##### Dataset excerpts
Lemma start_or_left (T : {fset node}) (x : node) : x \in T ->
  is_start T x \/ exists2 y, y \in T & (column y < column x)%R.
Proof.
move=> hx; case: (EM (exists2 y, y \in T & (column y < column x)%R)) => [|H]; first by right.
left; split=> // y hy; rewrite leNgt; apply/negP => lt; apply: H; by exists y.
Qed.

Lemma end_or_right (T : {fset node}) (x : node) : x \in T ->
  is_end T x \/ exists2 y, y \in T & (column x < column y)%R.
Proof.
move=> hx; case: (EM (exists2 y, y \in T & (column x < column y)%R)) => [|H]; first by right.
left; split=> // y hy; rewrite leNgt; apply/negP => lt; apply: H; by exists y.
Qed.

Lemma dyck_start_NE (T : {fset node}) (s : node) : is_dyck_tile T -> is_start T s ->
  NE s \notin T.
Proof.
case=> hT hdyck hs; have [e he] := tile_end hT; apply/negP => /(hdyck s e hs he) [].
by rewrite /height /NE /= addnS ltnn.
Qed.

Lemma dyck_end_NW (T : {fset node}) (e : node) : is_dyck_tile T -> is_end T e ->
  NW e \notin T.
Proof.
case=> hT hdyck he; have [s hs] := tile_start hT; apply/negP => /(hdyck s e hs he) [_].
by rewrite /height /NW /= addSn ltnn.
Qed.
(* Let $Q$ be a manifold, $L:TQ\times\mathbb{R}\to\mathbb{R}$ a Lagrangian, $N\subseteq TQ\times\mathbb{R}$ a submanifold, and $X$ a vector field on $TQ\times\mathbb{R}$ verifying the second order equation condition along $N$, i.e. $S(X)_p=\Delta_p$ for all $p\in N$. Then, along $N$, $X$ solves the equations of motion $\bar\flat_L(X)=\gamma_{E_L}$ if and only if it solves Herglotz's equations, i.e. writing $X=\dot q^i\partial_{q^i}+b^i\partial_{\dot q^i}+c\,\partial_z$ along $N$, one has $c=L$ and $$b^i\frac{\partial^2L}{\partial\dot q^i\partial\dot q^j}+\dot q^i\frac{\partial^2L}{\partial q^i\partial\dot q^j}+L\frac{\partial^2L}{\partial z\partial\dot q^j}-\frac{\partial L}{\partial q^j}=\frac{\partial L}{\partial\dot q^j}\frac{\partial L}{\partial z}$$ on $N$, so that integral curves $(q^i(t),\dot q^i(t),z(t))$ of $X$ in $N$ satisfy $\dot z=L$ and $\frac{d}{dt}\big(\frac{\partial L}{\partial\dot q^i}\big)-\frac{\partial L}{\partial q^i}=\frac{\partial L}{\partial\dot q^i}\frac{\partial L}{\partial z}$.
   Context: Bundle coordinates $(q^i,\dot q^i,z)$ on $TQ\times\mathbb{R}$. The canonical endomorphism is $S=dq^i\otimes\partial/\partial\dot q^i$, the Liouville vector field $\Delta=\dot q^i\partial/\partial\dot q^i$, $\eta_L=dz-\frac{\partial L}{\partial\dot q^i}dq^i$, $E_L=\Delta(L)-L$, $\bar\flat_L(v)=i_v d\eta_L+\eta_L(v)\eta_L$, and $\gamma_{E_L}=dE_L-(\mathcal{R}(E_L)+E_L)\eta_L$ where $\mathcal{R}$ is a vector field with $i_{\mathcal{R}}d\eta_L=0$, $\eta_L(\mathcal{R})=1$. ($L$ is not assumed regular; $\eta_L$ is assumed precontact so that such $\mathcal{R}$ exists.) *)

(* Local bundle coordinates (q^i, qdot^i, z) on
   TQ x R, with Q a coordinate chart, i.e. points are triples
   (q, qdot, z) : 'rV[R]_n * 'rV[R]_n * R.  Tangent vectors at a point are
   represented by their components in the coordinate basis
   (d/dq^i, d/dqdot^i, d/dz), i.e. by elements of the same space; one-forms
   at a point are represented as functionals on tangent vectors. *)
From HB Require Import structures.
From mathcomp Require Import all_boot all_order all_algebra.
From mathcomp Require Import all_classical all_reals all_analysis.
Set Implicit Arguments. Unset Strict Implicit. Unset Printing Implicit Defensive.
Import Order.TTheory GRing.Theory Num.Theory.
Import numFieldNormedType.Exports.
Local Open Scope ring_scope.

Section Defs.
Variables (R : realType) (n : nat).

Definition TQR := ('rV[R]_n * 'rV[R]_n * R^o)%type.

Definition qc (p : TQR) : 'rV[R]_n := p.1.1.
Definition vc (p : TQR) : 'rV[R]_n := p.1.2.
Definition zc (p : TQR) : R := p.2.

Definition dq_vec (i : 'I_n) : TQR := (('e_i : 'rV[R]_n)%R, 0, 0).
Definition dv_vec (i : 'I_n) : TQR := (0, ('e_i : 'rV[R]_n)%R, 0).
Definition dz_vec : TQR := (0, 0, 1).

Definition pdq (f : TQR -> R) (i : 'I_n) (p : TQR) : R := 'D_(dq_vec i) f p.
Definition pdv (f : TQR -> R) (i : 'I_n) (p : TQR) : R := 'D_(dv_vec i) f p.
Definition pdz (f : TQR -> R) (p : TQR) : R := 'D_dz_vec f p.

(* canonical endomorphism S = dq^i (x) d/dqdot^i, applied to a tangent vector *)
Definition Sendo (w : TQR) : TQR := (0, qc w, 0).
Definition Liouville (p : TQR) : TQR := (0, vc p, 0).

Definition dfun (f : TQR -> R) (p w : TQR) : R := 'D_w f p.

(* exterior derivative of a one-form field alpha (alpha p w = alpha_p(w)),
   evaluated on two tangent vectors u w at p, using constant (coordinate)
   vector fields: d alpha(u,w) = u(alpha(w)) - w(alpha(u)). *)
Definition dform (alpha : TQR -> TQR -> R) (p u w : TQR) : R :=
  'D_u (fun x => alpha x w) p - 'D_w (fun x => alpha x u) p.

Variable L : TQR -> R.

Definition etaL (p w : TQR) : R :=
  zc w - \sum_(i < n) pdv L i p * qc w 0 i.

Definition energy (p : TQR) : R := dfun L p (Liouville p) - L p.

Definition flatL (p v : TQR) (w : TQR) : R :=
  dform etaL p v w + etaL p v * etaL p w.

Definition is_Reeb (Rf : TQR -> TQR) : Prop :=
  forall p, (forall w, dform etaL p (Rf p) w = 0) /\ etaL p (Rf p) = 1.

Definition gammaEL (Rf : TQR -> TQR) (p w : TQR) : R :=
  dfun energy p w - (dfun energy p (Rf p) + energy p) * etaL p w.

Definition Herglotz (X : TQR -> TQR) (p : TQR) : Prop :=
  zc (X p) = L p /\
  forall j : 'I_n,
    \sum_(i < n) vc (X p) 0 i * pdv (pdv L j) i p
    + \sum_(i < n) vc p 0 i * pdq (pdv L j) i p
    + L p * pdz (pdv L j) p - pdq L j p
    = pdv L j p * pdz L p.

End Defs.

From HB Require Import structures.
From mathcomp Require Import all_boot all_order all_algebra.
From mathcomp Require Import all_classical all_reals all_analysis.
From mathcomp Require Import ring.
Set Implicit Arguments. Unset Strict Implicit. Unset Printing Implicit Defensive.
Import Order.TTheory GRing.Theory Num.Theory.
Import numFieldNormedType.Exports.
Local Open Scope ring_scope.

(* For a tangent vector u at p with S(u) = Delta (i.e. u^q = qdot), a coordinate
   computation shows that the one-form flat_L(u) - gamma_E_L has no dqdot-part,
   dz-part kappa := (u^z - L) + (Rf(E_L) + L_z) and dq^i-part
   -(delta_i + kappa L_qdot^i), where delta_i is the defect of the i-th Herglotz
   equation.  The Reeb conditions, tested on u, give
   sum_i Rf^(q^i) delta_i = Rf(E_L) + L_z.  So once all delta_i vanish,
   kappa = u^z - L, and the one-form vanishes iff u^z = L and every delta_i = 0.
   Along integral curves the chain rule turns delta_i = 0 into the Herglotz
   equations. *)

Section Calculus.
Variables (R : realType) (U V : normedModType R).

Lemma differentiable_linear_continuous (f : U -> V) :
  linear f -> continuous f -> forall p, differentiable f p.
Proof.
move=> flin fcont p.
pose F : {linear U -> V} := HB.pack f (GRing.isLinear.Build _ _ _ _ _ flin).
exact: (linear_differentiable (f := F) p fcont).
Qed.

Lemma derive_linear_continuous (f : U -> V) :
  linear f -> continuous f -> forall p w, 'D_w f p = f w.
Proof.
move=> flin fcont p w.
pose F : {linear U -> V} := HB.pack f (GRing.isLinear.Build _ _ _ _ _ flin).
rewrite deriveE; last exact: differentiable_linear_continuous.
by rewrite (diff_lin (f := F)).
Qed.

Lemma derive1_comp (f : U -> V) (gam : R -> U) t :
  derivable gam t 1 -> differentiable f (gam t) ->
  'D_1 (fun s => f (gam s)) t = 'D_('D_1 gam t) f (gam t).
Proof.
move=> /derivable1_diffP dgam df.
rewrite -[fun s => _]/(f \o gam) deriveE; last exact: differentiable_comp.
by rewrite diff_comp // (deriveE _ df) (deriveE _ dgam).
Qed.

End Calculus.

Lemma sum_pair_fst (A B : nmodType) (I : Type) (r : seq I) (F : I -> A * B) :
  (\sum_(i <- r) F i).1 = \sum_(i <- r) (F i).1.
Proof. exact: (big_morph fst). Qed.

Lemma sum_pair_snd (A B : nmodType) (I : Type) (r : seq I) (F : I -> A * B) :
  (\sum_(i <- r) F i).2 = \sum_(i <- r) (F i).2.
Proof. exact: (big_morph snd). Qed.

Section Coordinates.
Variables (R : realType) (n : nat).
Local Notation T := (TQR R n).

Lemma TQR_coordE (w : T) :
  w = \sum_(k < n) qc w 0 k *: dq_vec R k + \sum_(k < n) vc w 0 k *: dv_vec R k
      + zc w *: dz_vec R n.
Proof.
case: w => [[a b] c]; rewrite /qc /vc /zc /=.
have sum0 (F : 'I_n -> R) : \sum_(k < n) F k *: (0 : 'rV[R]_n) = 0.
  by apply: big1 => k _; rewrite scaler0.
apply: injective_projections; rewrite /= !(sum_pair_fst, sum_pair_snd) /=.
- by apply: injective_projections;
    rewrite /= !(sum_pair_fst, sum_pair_snd) /= !sum0 scaler0 ?addr0 ?add0r
      -row_sum_delta.
- rewrite !big1 ?add0r => [|k _|k _]; try exact: scaler0.
  by rewrite -[c%:A]/(c * 1) mulr1.
Qed.

Lemma derive_coordE (f : T -> R) p w : differentiable f p ->
  'D_w f p = \sum_(k < n) qc w 0 k * pdq f k p
             + \sum_(k < n) vc w 0 k * pdv f k p + (zc w : R) * pdz f p.
Proof.
move=> df; rewrite /pdq /pdv /pdz {1}(TQR_coordE w) deriveE //.
rewrite !linearD !linear_sum /= linearZ -deriveE //.
by congr (_ + _ + _); apply: eq_bigr => k _; rewrite linearZ -deriveE.
Qed.

Let vc_coord_linear i : linear (fun x : T => vc x 0 i : R^o).
Proof. by move=> a x y; rewrite /vc /= !mxE. Qed.

Let vc_coord_continuous i : continuous (fun x : T => vc x 0 i).
Proof.
move=> x; apply: (@continuous_comp _ _ _ (@vc R n) (fun M : 'rV[R]_n => M 0 i)).
  by apply: continuous_comp; [exact: cvg_fst | exact: cvg_snd].
exact: coord_continuous.
Qed.

Let qc_continuous : continuous (@qc R n).
Proof. by move=> x; apply: continuous_comp; exact: cvg_fst. Qed.

Let zc_continuous : continuous (@zc R n).
Proof. by move=> x; exact: cvg_snd. Qed.

Lemma vc_coord_differentiable i p : differentiable (fun x : T => vc x 0 i : R^o) p.
Proof. exact: differentiable_linear_continuous (@vc_coord_linear i) (@vc_coord_continuous i) p. Qed.

Lemma derive_vc_coord i p w : 'D_w (fun x : T => vc x 0 i : R^o) p = vc w 0 i.
Proof. exact: derive_linear_continuous (@vc_coord_linear i) (@vc_coord_continuous i) p w. Qed.

Lemma qc_differentiable p : differentiable (@qc R n) p.
Proof. exact: differentiable_linear_continuous. Qed.

Lemma derive_qc p w : 'D_w (@qc R n) p = qc w.
Proof. exact: derive_linear_continuous. Qed.

Lemma zc_differentiable p : differentiable (@zc R n) p.
Proof. exact: differentiable_linear_continuous. Qed.

Lemma derive_zc p w : 'D_w (@zc R n) p = zc w.
Proof. exact: derive_linear_continuous. Qed.

End Coordinates.

Lemma sum_unit_row_mul (R : pzSemiRingType) n (k : 'I_n) (F : 'I_n -> R) :
  \sum_(i < n) ('e_k : 'rV[R]_n) 0 i * F i = F k.
Proof.
rewrite (bigD1 k) //= big1 => [|i ik]; first by rewrite mxE !eqxx mul1r addr0.
by rewrite mxE (negbTE ik) andbF mul0r.
Qed.

Lemma sum_zero_row_mul (R : pzSemiRingType) n (F : 'I_n -> R) :
  \sum_(i < n) (0 : 'rV[R]_n) 0 i * F i = 0.
Proof. by apply: big1 => i _; rewrite mxE mul0r. Qed.

Section Lagrangian.
Variables (R : realType) (n : nat) (L : TQR R n -> R).
Local Notation T := (TQR R n).
Hypothesis L_diff : forall p, differentiable L p.
Hypothesis dL_diff : forall (u : T) p, differentiable (fun x => 'D_u L x) p.

Let pdv_differentiable i p : differentiable (pdv L i) p.
Proof. exact: dL_diff. Qed.

Let pdv_derivable i p u : derivable (pdv L i) p u.
Proof. exact/diff_derivable/pdv_differentiable. Qed.

Definition herglotz_defect (u p : T) (j : 'I_n) : R :=
  'D_u (pdv L j) p - pdq L j p - pdv L j p * pdz L p.

Lemma derive_etaL p u w :
  'D_u (fun x => etaL L x w) p = - \sum_(i < n) 'D_u (pdv L i) p * qc w 0 i.
Proof.
have -> : (fun x => etaL L x w) = cst (zc w) - \sum_(i < n) (pdv L i * cst (qc w 0 i)).
  by apply/funext => x; rewrite /etaL fct_sumE.
have term_derivable i : derivable (pdv L i * cst (qc w 0 i)) p u.
  by apply: derivableM; [exact: pdv_derivable | exact: derivable_cst].
rewrite deriveB ?derive_cst ?derive_sum ?sub0r //; last exact: derivable_sum.
congr (- _); apply: eq_bigr => i _.
by rewrite deriveM ?derive_cst ?scaler0 ?add0r // [RHS]mulrC.
Qed.

Lemma dform_etaLE p u w :
  dform (etaL L) p u w = \sum_(i < n) 'D_w (pdv L i) p * qc u 0 i
                         - \sum_(i < n) 'D_u (pdv L i) p * qc w 0 i.
Proof. by rewrite /dform !derive_etaL opprK addrC. Qed.

Lemma energyE x : energy L x = \sum_(i < n) vc x 0 i * pdv L i x - L x.
Proof.
have q0 : qc (Liouville x) = 0 by [].
have z0 : zc (Liouville x) = 0 by [].
rewrite /energy /dfun (derive_coordE _ (L_diff x)) q0 z0.
by rewrite [X in X + _ + _]sum_zero_row_mul mul0r add0r addr0.
Qed.

Lemma dfun_energyE p w :
  dfun (energy L) p w = \sum_(i < n) vc w 0 i * pdv L i p
                        + \sum_(i < n) vc p 0 i * 'D_w (pdv L i) p - 'D_w L p.
Proof.
have -> : energy L = \sum_(i < n) ((fun x => vc x 0 i) * pdv L i) - L.
  by apply/funext => x; rewrite energyE fct_sumE.
have term_derivable i : derivable ((fun x => vc x 0 i) * pdv L i) p w.
  apply: derivableM; [exact/diff_derivable/vc_coord_differentiable | exact: pdv_derivable].
rewrite /dfun deriveB; [|exact: derivable_sum|exact: diff_derivable].
rewrite derive_sum // -big_split; congr (_ - _); apply: eq_bigr => i _.
rewrite deriveM; [|exact/diff_derivable/vc_coord_differentiable|exact: pdv_derivable].
rewrite derive_vc_coord.
by rewrite addrC [_ *: _]mulrC.
Qed.

(* [etaL] subtracts in [R^o]; this form subtracts in [R], as [ring] needs. *)
Lemma etaLE p w : etaL L p w = (zc w : R) - \sum_(i < n) pdv L i p * qc w 0 i.
Proof. by []. Qed.

Lemma etaL_add_energy p u : qc u = vc p -> etaL L p u + energy L p = (zc u : R) - L p.
Proof.
move=> u_sode; rewrite etaLE energyE u_sode.
rewrite (eq_bigr (fun i => vc p 0 i * pdv L i p)) => [|i _]; last exact: mulrC.
ring.
Qed.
##########
▶ [Your task]
Would you retype exactly the lines above, from the line with "at a point are represented" to the line with "Definition vc (p : TQR) : 'rV[R]_n := p.1.2.", with both end lines kept and nothing more?

▶ [Task output]
   at a point are represented as functionals on tangent vectors. *)
From HB Require Import structures.
From mathcomp Require Import all_boot all_order all_algebra.
From mathcomp Require Import all_classical all_reals all_analysis.
Set Implicit Arguments. Unset Strict Implicit. Unset Printing Implicit Defensive.
Import Order.TTheory GRing.Theory Num.Theory.
Import numFieldNormedType.Exports.
Local Open Scope ring_scope.

Section Defs.
Variables (R : realType) (n : nat).

Definition TQR := ('rV[R]_n * 'rV[R]_n * R^o)%type.

Definition qc (p : TQR) : 'rV[R]_n := p.1.1.
Definition vc (p : TQR) : 'rV[R]_n := p.1.2.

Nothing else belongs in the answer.